Besides establishing a theorem's correctness, mathematical communication serves to illustrate and motivate its application. Often, the reader of a mathematical proof may believe its soundness but studies the chain of arguments to clarify its mechanism and its implications. However in applied sciences, like geophysics, theorems are usually further supplemented by relevant applications of the derived algorithm. In complex applications, adequate examples are often considered more convincing than dogmatic proof or theory.

In his publication's Claerbout Karrenbach (1993) automates the reproduction of discrete seismic processing results using a vast array of computer and program tools. This reproducibility safeguards that no step in the data processing goes undocumented. Additionally, Claerbout's true multimedia environment allows users to change the input parameter or the code to study the algorithm's characteristics. Especially since the introduction of Xtpanel Cole and Nichols (1992), the interactivity enables the audience to learn about an algorithm heuristically by easily supplying their own test cases.
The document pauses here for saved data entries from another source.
(* Let $\bar X\in\mathbb{R}_{\ge0}^{m\times n}$, $u\in\mathbb{R}^m$, $v\in\mathbb{R}^n$, and let $(p,q)$ be the row and column sums of any realization $Y$ of the biproportional Poisson model with base matrix $\bar X$ and parameters $(u,v)$. Then IPF (with zero-marginal handling) on $(\bar X,p,q)$ converges, i.e. the scaled matrices converge to a matrix with row sums $p$ and column sums $q$.
   Context: Biproportional Poisson model: entries $Y_{ij}$ independent with $Y_{ij}\sim\mathrm{Poisson}(e^{u_i}\bar X_{ij}e^{-v_j})$ if $\bar X_{ij}>0$ and $Y_{ij}=0$ otherwise; $p_i=\sum_jY_{ij}$, $q_j=\sum_iY_{ij}$. IPF with zero-marginal handling on $(X,p,q)$ with $\sum_ip_i=\sum_jq_j$: start with $d^0=\mathbf 1_m$, $d^1=\mathbf 1_n$; alternately update rows (for each $i$: $d^0_i\leftarrow0$ if $p_i=0$, else $d^0_i\leftarrow p_i/\sum_jX_{ij}d^1_j$) and columns (for each $j$: $d^1_j\leftarrow0$ if $q_j=0$, else $d^1_j\leftarrow q_j/\sum_iX_{ij}d^0_i$); after each update the scaled matrix is $\mathrm{diag}(d^0)X\mathrm{diag}(d^1)$. *)

From HB Require Import structures.
From mathcomp Require Import all_boot all_order all_algebra.
From mathcomp Require Import all_classical all_reals all_analysis.
Set Implicit Arguments. Unset Strict Implicit. Unset Printing Implicit Defensive.
Import Order.TTheory GRing.Theory Num.Theory.
Local Open Scope ring_scope.

Section Defs.
Variable R : realType.

Definition poisson_pmf (lam : R) (k : nat) : R :=
  lam ^+ k * expR (- lam) / (k`!)%:R.

Definition bp_rate m n (X : 'M[R]_(m, n)) (u : 'I_m -> R) (v : 'I_n -> R)
  (i : 'I_m) (j : 'I_n) : R := expR (u i) * X i j * expR (- v j).

(* Y is a realization of the biproportional Poisson model with base matrix X
   and parameters (u,v): each entry lies in the support of its law, i.e.
   Y_ij has positive Poisson(rate) probability if X_ij > 0, and Y_ij = 0
   otherwise. *)
Definition bp_realization m n (X : 'M[R]_(m, n)) (u : 'I_m -> R)
  (v : 'I_n -> R) (Y : 'I_m -> 'I_n -> nat) : Prop :=
  forall i j, (0 < X i j -> 0 < poisson_pmf (bp_rate X u v i j) (Y i j)) /\
              (X i j = 0 -> Y i j = 0%N).

Definition row_sums m n (Y : 'I_m -> 'I_n -> nat) (i : 'I_m) : R :=
  (\sum_(j < n) Y i j)%N%:R.
Definition col_sums m n (Y : 'I_m -> 'I_n -> nat) (j : 'I_n) : R :=
  (\sum_(i < m) Y i j)%N%:R.

Definition ipf_row m n (X : 'M[R]_(m, n)) (p : 'I_m -> R) (d1 : 'I_n -> R)
  : 'I_m -> R :=
  fun i => if p i == 0 then 0 else p i / \sum_(j < n) X i j * d1 j.
Definition ipf_col m n (X : 'M[R]_(m, n)) (q : 'I_n -> R) (d0 : 'I_m -> R)
  : 'I_n -> R :=
  fun j => if q j == 0 then 0 else q j / \sum_(i < m) X i j * d0 i.

(* State (d0, d1) after t single updates (t = 0: initial all-ones;
   odd t: just after a row update; even t > 0: just after a column update). *)
Fixpoint ipf_state m n (X : 'M[R]_(m, n)) p q (t : nat)
  : ('I_m -> R) * ('I_n -> R) :=
  match t with
  | 0%N => (fun _ => 1, fun _ => 1)
  | t'.+1 =>
      let: (d0, d1) := ipf_state X p q t' in
      if odd t then (ipf_row X p d1, d1) else (d0, ipf_col X q d0)
  end.

Definition ipf_mat m n (X : 'M[R]_(m, n)) p q (t : nat) : 'M[R]_(m, n) :=
  let: (d0, d1) := ipf_state X p q t in
  \matrix_(i, j) (d0 i * X i j * d1 j).

End Defs.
Contrary to the production of illustrating data examples, Claerbout publishes only outlines of his theorem's mathematical derivations. Most of of these theorems are easily understood, but potentially the verification of the published argument chains can be time consuming and difficult.

Previous work Abma (1992); Cook et al. (1992) suggested symbol-manipulating computer programs, like MACSYMA, Maple, Mathcad, Mathematica, or Theorist, as convenient research environment for small scientific problems.

In this appendix, I demonstrate how symbolic mathematical computer languages (SMCL) can document and reproduce mathematical discussions. Integrating mathematical derivations, they offer tools to extend Claerbout's concept of reproducibility upstream from computer algorithms.